[Extracted information — start]

Definition opL (mu sigma r : R) (v : R -> R) (x : R) : R :=
  / 2 * sigma^2 * Derive (Derive v) x + mu * Derive v x - r * v x.
Definition opT (b : R) (v : R -> R) (x : R) : R :=
  b * (1 - Derive v x) + (1 - b) * Rmax 0 (1 - Derive v x).

Definition g_case1 (mu sigma r cbar : R) (x : R) : R :=
  cbar / r * (1 - exp (- gam mu sigma r cbar * x)).

(* g in the case 2 mu cbar > sigma^2 r, given y0; the first branch is used
   for all x <= y0 (this also gives the natural extension to x < 0). *)
Definition g_case2 (mu sigma r cbar b y0 : R) (x : R) : R :=
  if Rle_dec x y0 then
    kk1 mu sigma r cbar b * exp (lam1 mu sigma r cbar b * (x - y0))
    - kk2 mu sigma r cbar b * exp (- lam2 mu sigma r cbar b * (x - y0))
    + b * cbar / r
  else - / gam mu sigma r cbar * exp (- gam mu sigma r cbar * (x - y0)) + cbar / r.

Definition y0_eq (mu sigma r cbar b y0 : R) : Prop :=
  kk1 mu sigma r cbar b * exp (- lam1 mu sigma r cbar b * y0)
  - kk2 mu sigma r cbar b * exp (lam2 mu sigma r cbar b * y0) + b * cbar / r = 0.

(* g is C^2 on [0, oo) (two-sided derivatives of the function as defined on R) *)
Definition C2_nonneg (g : R -> R) : Prop :=
  forall x, 0 <= x ->
    ex_derive g x /\ ex_derive (Derive g) x /\ continuous (Derive (Derive g)) x.

Definition good_g (mu sigma r cbar b : R) (g : R -> R) : Prop :=
  C2_nonneg g /\
  (forall x, 0 <= x -> - opL mu sigma r g x - cbar * opT b g x = 0) /\
  g 0 = 0 /\
  (forall x, 0 <= x -> 0 <= g x <= cbar / r) /\
  (forall x, 0 <= x -> 0 <= Derive g x <= Derive g 0) /\
  (forall x y, 0 <= x -> x < y -> Derive g y < Derive g x).

From Stdlib Require Import Reals Lra Psatz FunctionalExtensionality.
From Coquelicot Require Import Coquelicot.
Open Scope R_scope.

(* On each side of the free boundary y0 the HJB equation is a linear ODE with
   constant coefficients, so g is a sum of exponentials whose rates are the
   positive roots gamma, lambda1, lambda2 of the characteristic quadratics.
   The two regimes are separated by g'(0) = cbar gamma / r <= 1, which is
   equivalent to 2 mu cbar <= sigma^2 r.  In the second regime k1, k2 are
   chosen so that the inner and outer solutions have equal value and slope 1
   at y0; the second derivatives then match as well, so g is C^2.  The point y0
   is the unique positive zero of h(y) = k1 e^{-lambda1 y} - k2 e^{lambda2 y}
   + b cbar / r, which is positive at 0, eventually negative, and whose
   derivative stays negative once it is.  Concavity comes from g'' < 0, which
   the same sign-propagation argument carries from y0 to the left. *)

Definition piecewise (a : R) (f1 f2 : R -> R) (x : R) : R :=
  if Rle_dec x a then f1 x else f2 x.

Lemma piecewise_le a f1 f2 x : x <= a -> piecewise a f1 f2 x = f1 x.
Proof. intros H. unfold piecewise. destruct (Rle_dec x a); [reflexivity | contradiction]. Qed.

Lemma piecewise_gt a f1 f2 x : a < x -> piecewise a f1 f2 x = f2 x.
Proof. intros H. unfold piecewise. destruct (Rle_dec x a); [lra | reflexivity]. Qed.

Lemma piecewise_cases a f1 f2 x :
  piecewise a f1 f2 x = f1 x \/ piecewise a f1 f2 x = f2 x.
Proof. unfold piecewise. destruct (Rle_dec x a); auto. Qed.

Lemma piecewise_locally_lt a f1 f2 x :
  x < a -> locally x (fun y => f1 y = piecewise a f1 f2 y).
Proof.
  intros H. apply filter_imp with (fun y => y < a); [|exact (open_lt a x H)].
  intros y Hy. symmetry. apply piecewise_le. lra.
Qed.
Lemma nclength_le_L1 : (nclength n w <= (L1 n w)%:E)%E.
Proof.
apply: (nclength_le_maxf (M := \sum_(k < m) w k)) => [b b_pair|a a1 k l lk].
  have b2_le1 := le1_of_adjacent_sums (g := fun k => `|b k| ^+ 2) m_gt1 (fun k => sqr_ge0 _) b_pair.
  apply: le_trans (fobj_le_abs b) (ler_sum _ _) => k _.
  by rewrite ler_piMr ?w_ge0 // -(expr_le1 (_ : 0 < 2)%N) ?b2_le1.
rewrite !ger0_norm ?cmod_ge0 // lk chain_slope_pair_le //.
by rewrite -lk ltn_ord.
Qed.

Lemma nclength_le_L2 : (nclength n w <= (L2 n w)%:E)%E.
Proof.
apply: (nclength_le_maxf (M := n%:R / 2 * \big[Num.max/0]_(k < m) w k)) => [|a a1].
  exact: fobj_le_L2_value.
rewrite (eq_bigr (fun k : 'I_m => cmod (chain_slope w a k))) => [|k _].
  exact: chain_slope_sum_le.
by rewrite ger0_norm ?cmod_ge0.
Qed.

End ChainBounds.

Theorem mainTheorem4 (R : realType) (n : nat) (w : nat -> R)
  (hn : (3 <= n)%N) (hw : forall k, (k < n.-1)%N -> 0 < w k) :
  ((Num.max (R1 n w) (R2 n w))%:E <= nclength n w)%E /\
  (nclength n w <= (Num.min (L1 n w) (L2 n w))%:E)%E /\
  R2 n w = geolength n w / (2 * cos (pi / n.+1%:R)) /\
  L2 n w = n%:R / 2 * \big[Num.max/0]_(k < n.-1) w k.
Proof.
case: n hn hw => [|m] // m_gt1 w_gt0.
split; [|split; [|split]].
- by rewrite EFin_max ge_max R1_le_nclength // R2_le_nclength.
- by rewrite EFin_min le_min nclength_le_L1 // nclength_le_L2.
- exact: R2E.
- exact: L2E.
Qed.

[Extracted information — finish]

**Your goal**
Without leaving anything out, output all of the data above exactly.

**Reply to the exercise**
Definition opL (mu sigma r : R) (v : R -> R) (x : R) : R :=
  / 2 * sigma^2 * Derive (Derive v) x + mu * Derive v x - r * v x.
Definition opT (b : R) (v : R -> R) (x : R) : R :=
  b * (1 - Derive v x) + (1 - b) * Rmax 0 (1 - Derive v x).

Definition g_case1 (mu sigma r cbar : R) (x : R) : R :=
  cbar / r * (1 - exp (- gam mu sigma r cbar * x)).

(* g in the case 2 mu cbar > sigma^2 r, given y0; the first branch is used
   for all x <= y0 (this also gives the natural extension to x < 0). *)
Definition g_case2 (mu sigma r cbar b y0 : R) (x : R) : R :=
  if Rle_dec x y0 then
    kk1 mu sigma r cbar b * exp (lam1 mu sigma r cbar b * (x - y0))
    - kk2 mu sigma r cbar b * exp (- lam2 mu sigma r cbar b * (x - y0))
    + b * cbar / r
  else - / gam mu sigma r cbar * exp (- gam mu sigma r cbar * (x - y0)) + cbar / r.

Definition y0_eq (mu sigma r cbar b y0 : R) : Prop :=
  kk1 mu sigma r cbar b * exp (- lam1 mu sigma r cbar b * y0)
  - kk2 mu sigma r cbar b * exp (lam2 mu sigma r cbar b * y0) + b * cbar / r = 0.

(* g is C^2 on [0, oo) (two-sided derivatives of the function as defined on R) *)
Definition C2_nonneg (g : R -> R) : Prop :=
  forall x, 0 <= x ->
    ex_derive g x /\ ex_derive (Derive g) x /\ continuous (Derive (Derive g)) x.

Definition good_g (mu sigma r cbar b : R) (g : R -> R) : Prop :=
  C2_nonneg g /\
  (forall x, 0 <= x -> - opL mu sigma r g x - cbar * opT b g x = 0) /\
  g 0 = 0 /\
  (forall x, 0 <= x -> 0 <= g x <= cbar / r) /\
  (forall x, 0 <= x -> 0 <= Derive g x <= Derive g 0) /\
  (forall x y, 0 <= x -> x < y -> Derive g y < Derive g x).

From Stdlib Require Import Reals Lra Psatz FunctionalExtensionality.
From Coquelicot Require Import Coquelicot.
Open Scope R_scope.

(* On each side of the free boundary y0 the HJB equation is a linear ODE with
   constant coefficients, so g is a sum of exponentials whose rates are the
   positive roots gamma, lambda1, lambda2 of the characteristic quadratics.
   The two regimes are separated by g'(0) = cbar gamma / r <= 1, which is
   equivalent to 2 mu cbar <= sigma^2 r.  In the second regime k1, k2 are
   chosen so that the inner and outer solutions have equal value and slope 1
   at y0; the second derivatives then match as well, so g is C^2.  The point y0
   is the unique positive zero of h(y) = k1 e^{-lambda1 y} - k2 e^{lambda2 y}
   + b cbar / r, which is positive at 0, eventually negative, and whose
   derivative stays negative once it is.  Concavity comes from g'' < 0, which
   the same sign-propagation argument carries from y0 to the left. *)

Definition piecewise (a : R) (f1 f2 : R -> R) (x : R) : R :=
  if Rle_dec x a then f1 x else f2 x.

Lemma piecewise_le a f1 f2 x : x <= a -> piecewise a f1 f2 x = f1 x.
Proof. intros H. unfold piecewise. destruct (Rle_dec x a); [reflexivity | contradiction]. Qed.

Lemma piecewise_gt a f1 f2 x : a < x -> piecewise a f1 f2 x = f2 x.
Proof. intros H. unfold piecewise. destruct (Rle_dec x a); [lra | reflexivity]. Qed.

Lemma piecewise_cases a f1 f2 x :
  piecewise a f1 f2 x = f1 x \/ piecewise a f1 f2 x = f2 x.
Proof. unfold piecewise. destruct (Rle_dec x a); auto. Qed.

Lemma piecewise_locally_lt a f1 f2 x :
  x < a -> locally x (fun y => f1 y = piecewise a f1 f2 y).
Proof.
  intros H. apply filter_imp with (fun y => y < a); [|exact (open_lt a x H)].
  intros y Hy. symmetry. apply piecewise_le. lra.
Qed.
Lemma nclength_le_L1 : (nclength n w <= (L1 n w)%:E)%E.
Proof.
apply: (nclength_le_maxf (M := \sum_(k < m) w k)) => [b b_pair|a a1 k l lk].
  have b2_le1 := le1_of_adjacent_sums (g := fun k => `|b k| ^+ 2) m_gt1 (fun k => sqr_ge0 _) b_pair.
  apply: le_trans (fobj_le_abs b) (ler_sum _ _) => k _.
  by rewrite ler_piMr ?w_ge0 // -(expr_le1 (_ : 0 < 2)%N) ?b2_le1.
rewrite !ger0_norm ?cmod_ge0 // lk chain_slope_pair_le //.
by rewrite -lk ltn_ord.
Qed.

Lemma nclength_le_L2 : (nclength n w <= (L2 n w)%:E)%E.
Proof.
apply: (nclength_le_maxf (M := n%:R / 2 * \big[Num.max/0]_(k < m) w k)) => [|a a1].
  exact: fobj_le_L2_value.
rewrite (eq_bigr (fun k : 'I_m => cmod (chain_slope w a k))) => [|k _].
  exact: chain_slope_sum_le.
by rewrite ger0_norm ?cmod_ge0.
Qed.

End ChainBounds.

Theorem mainTheorem4 (R : realType) (n : nat) (w : nat -> R)
  (hn : (3 <= n)%N) (hw : forall k, (k < n.-1)%N -> 0 < w k) :
  ((Num.max (R1 n w) (R2 n w))%:E <= nclength n w)%E /\
  (nclength n w <= (Num.min (L1 n w) (L2 n w))%:E)%E /\
  R2 n w = geolength n w / (2 * cos (pi / n.+1%:R)) /\
  L2 n w = n%:R / 2 * \big[Num.max/0]_(k < n.-1) w k.
Proof.
case: n hn hw => [|m] // m_gt1 w_gt0.
split; [|split; [|split]].
- by rewrite EFin_max ge_max R1_le_nclength // R2_le_nclength.
- by rewrite EFin_min le_min nclength_le_L1 // nclength_le_L2.
- exact: R2E.
- exact: L2E.
Qed.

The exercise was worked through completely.